PROVIDED MATERIAL =>

(* Let $\theta_{01}\in\mathbb{R}$ and let $\sigma_U^2>0$, $\sigma_V^2>0$, $\sigma_{UV}\in\mathbb{R}$ satisfy $|\rho_{UV}|<1$, where $\rho_{UV}=\sigma_{UV}/(\sigma_U\sigma_V)$. Define the identified set $S$ as the set of all $\sigma_{U^*}^2\ge 0$ for which there exist $\sigma_{V^*}^2\ge 0$, $\sigma_\varepsilon^2\ge 0$ and $\sigma_{U^*V^*}\in\mathbb{R}$ with $\sigma_{U^*V^*}^2\le \sigma_{U^*}^2\sigma_{V^*}^2$ such that $$\sigma_U^2=\sigma_{U^*}^2+\theta_{01}^2\sigma_\varepsilon^2,\qquad \sigma_V^2=\sigma_{V^*}^2+\sigma_\varepsilon^2,\qquad \sigma_{UV}=\sigma_{U^*V^*}-\theta_{01}\sigma_\varepsilon^2 .$$ Then $S=[\underline{\sigma}_{U^*}^2,\sigma_U^2]$, where $$\underline{\sigma}_{U^*}^2=\max\left\{\frac{(\theta_{01}\sigma_{UV}+\sigma_U^2)^2}{\sigma_V^2\theta_{01}^2+2\sigma_{UV}\theta_{01}+\sigma_U^2},\ \sigma_U^2-\theta_{01}^2\sigma_V^2\right\}.$$ *)

From Stdlib Require Import Reals.
Open Scope R_scope.

Definition identified_set (theta su2 sv2 suv : R) (sustar2 : R) : Prop :=
  0 <= sustar2 /\
  exists svstar2 se2 suvstar : R,
    0 <= svstar2 /\ 0 <= se2 /\ suvstar ^ 2 <= sustar2 * svstar2 /\
    su2 = sustar2 + theta ^ 2 * se2 /\
    sv2 = svstar2 + se2 /\
    suv = suvstar - theta * se2.

Definition lower_bound (theta su2 sv2 suv : R) : R :=
  Rmax ((theta * suv + su2) ^ 2 / (sv2 * theta ^ 2 + 2 * suv * theta + su2))
       (su2 - theta ^ 2 * sv2).

(* Write a = sigma_U^2, b = sigma_V^2, c = sigma_UV, t = theta_01, and U', V' for the
   latent variables U^*, V^* with measurement error e.  The moment
   equations say U = U' - t e and V = V' + e, so W := U + t V = U' + t V' does not
   involve the measurement error.  Its variance is D = b t^2 + 2 c t + a > 0, and
   Cov(U', W) = a + t c.  The first term of the lower bound is therefore the
   Cauchy-Schwarz bound Cov(U', W)^2 / Var(W) <= Var(U'); algebraically this is the
   identity  s D - (t c + a)^2 = t^2 (s svstar2 - suvstar^2)  (covariance_gap_identity),
   which turns the constraint suvstar^2 <= s svstar2 into (t c + a)^2 <= s D and back.
   The second term of the lower bound expresses svstar2 = b - e >= 0, and s <= a
   expresses e >= 0. *)

From Stdlib Require Import Reals Lra Psatz.
Open Scope R_scope.

(* Variance of W = U + t V in terms of the observed moments. *)
Definition combined_variance (t a b c : R) : R := b * t ^ 2 + 2 * c * t + a.

Lemma correlation_bound_sq (a b c : R) :
  0 < a -> 0 < b -> Rabs (c / (sqrt a * sqrt b)) < 1 -> c ^ 2 < a * b.
Proof.
  intros Ha Hb Hrho.
  set (q := sqrt a * sqrt b) in *.
  assert (Hq : 0 < q) by (unfold q; apply Rmult_lt_0_compat; apply sqrt_lt_R0; assumption).
  assert (Hq2 : q ^ 2 = a * b).
  { unfold q. replace ((sqrt a * sqrt b) ^ 2) with
      ((sqrt a * sqrt a) * (sqrt b * sqrt b)) by ring.
    rewrite !sqrt_sqrt; lra. }
  assert (Habs : Rabs c < q).
  { replace c with ((c / q) * q) by (field; lra).
    rewrite Rabs_mult, (Rabs_pos_eq q) by lra. nra. }
  rewrite <- pow2_abs, <- Hq2.
  pose proof (Rabs_pos c). nra.
Qed.

(* Under strict Cauchy-Schwarz, W has positive variance: b D = (t b + c)^2 + (a b - c^2). *)
Lemma combined_variance_pos (t a b c : R) :
  0 < b -> c ^ 2 < a * b -> 0 < combined_variance t a b c.
Proof.
  intros Hb Hcs. unfold combined_variance.
  assert (Hfact : b * (b * t ^ 2 + 2 * c * t + a) = (t * b + c) ^ 2 + (a * b - c ^ 2))
    by ring.
  assert (0 <= (t * b + c) ^ 2) by apply pow2_ge_0.
  nra.
Qed.

Lemma div_le_iff (n d s : R) : 0 < d -> (n / d <= s <-> n <= s * d).
Proof.
  intros Hd. unfold Rdiv. split; intros H.
  - apply (Rmult_le_compat_r d) in H; [|lra].
    rewrite Rmult_assoc, Rinv_l, Rmult_1_r in H by lra. exact H.
  - apply (Rmult_le_reg_r d); [exact Hd|].
    rewrite Rmult_assoc, Rinv_l, Rmult_1_r by lra. exact H.
Qed.

(* The Cauchy-Schwarz gap of (U', W) equals t^2 times that of (U', V'), once the
   latent moments are expressed through the measurement-error variance e. *)
Lemma covariance_gap_identity (t a b c s e : R) :
  a = s + t ^ 2 * e ->
  s * combined_variance t a b c - (t * c + a) ^ 2
  = t ^ 2 * (s * (b - e) - (c + t * e) ^ 2).
Proof. intros Ha. unfold combined_variance. subst a. ring. Qed.

Lemma lower_bound_le_iff (t a b c s : R) :
  0 < combined_variance t a b c ->
  lower_bound t a b c <= s <->
  (t * c + a) ^ 2 <= s * combined_variance t a b c /\ a - t ^ 2 * b <= s.
Proof.
  intros HD. unfold lower_bound. fold (combined_variance t a b c).
  rewrite <- (div_le_iff _ _ _ HD). split.
  - intros H. split; eapply Rle_trans; [apply Rmax_l | exact H | apply Rmax_r | exact H].
  - intros [H1 H2]. apply Rmax_lub; assumption.
Qed.

Lemma identified_set_bounds (t a b c s : R) :
  0 < combined_variance t a b c ->
  identified_set t a b c s -> lower_bound t a b c <= s <= a.
Proof.
  intros HD [Hs [svs [e [u [Hsv [He [Hu [Ea [Eb Ec]]]]]]]]].
  assert (Ht2 : 0 <= t ^ 2) by apply pow2_ge_0.
  split; [apply lower_bound_le_iff; [exact HD | split] |].
  - assert (Hgap := covariance_gap_identity t a b c s e Ea).
    replace (b - e) with svs in Hgap by lra.
    replace (c + t * e) with u in Hgap by lra.
    assert (0 <= t ^ 2 * (s * svs - u ^ 2)) by (apply Rmult_le_pos; lra).
    lra.
  - rewrite Ea, Eb. nra.
  - rewrite Ea. nra.
Qed.

(* Conversely, every s in [lower_bound, a] is attained: take e = (a - s) / t^2
   (or e = 0 when t = 0), svstar2 = b - e and suvstar = c + t e. *)
Lemma bounds_identified_set (t a b c s : R) :
  0 < a -> c ^ 2 < a * b -> 0 < combined_variance t a b c ->
  lower_bound t a b c <= s <= a -> identified_set t a b c s.
Proof.
  intros Ha Hcs HD [Hlow Hsa].
  apply (lower_bound_le_iff _ _ _ _ _ HD) in Hlow as [Hproj Hvstar].
  destruct (Req_dec t 0) as [Ht | Ht].
  - subst t. unfold combined_variance in Hproj.
    assert (Hs : s = a) by nra.
    subst s. split; [lra|].
    exists b, 0, c. repeat split; try lra; try ring.
    nra.
  - assert (Ht2 : 0 < t ^ 2) by (pose proof (Rsqr_pos_lt t Ht); unfold Rsqr in *; lra).
    set (e := (a - s) / t ^ 2).
    assert (Ea : a = s + t ^ 2 * e) by (unfold e; field; exact Ht).
    assert (He : 0 <= e) by nra.
    assert (Hgap := covariance_gap_identity t a b c s e Ea).
    assert (Hs : 0 <= s).
    { assert (0 <= (t * c + a) ^ 2) by apply pow2_ge_0. nra. }
    split; [exact Hs|].
    exists (b - e), e, (c + t * e).
    repeat split; try lra; try ring.
    + nra.
    + assert (0 <= t ^ 2 * (s * (b - e) - (c + t * e) ^ 2)) by lra. nra.
Qed.

Theorem proposition1 (theta su2 sv2 suv : R) :
  0 < su2 -> 0 < sv2 ->
  Rabs (suv / (sqrt su2 * sqrt sv2)) < 1 ->
  forall s : R,
    identified_set theta su2 sv2 suv s <->
    (lower_bound theta su2 sv2 suv <= s <= su2).
Proof.
  intros Hu Hv Hrho s.
  assert (Hcs := correlation_bound_sq su2 sv2 suv Hu Hv Hrho).
  assert (HD := combined_variance_pos theta su2 sv2 suv Hv Hcs).
  split.
  - apply identified_set_bounds; exact HD.
  - apply bounds_identified_set; assumption.
Qed.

EXERCISE OBJECTIVE => Show all lines from the entries that hold "expresses".

ANSWER TO THIS EXERCISE =>
   The second term of the lower bound expresses svstar2 = b - e >= 0, and s <= a
   expresses e >= 0. *)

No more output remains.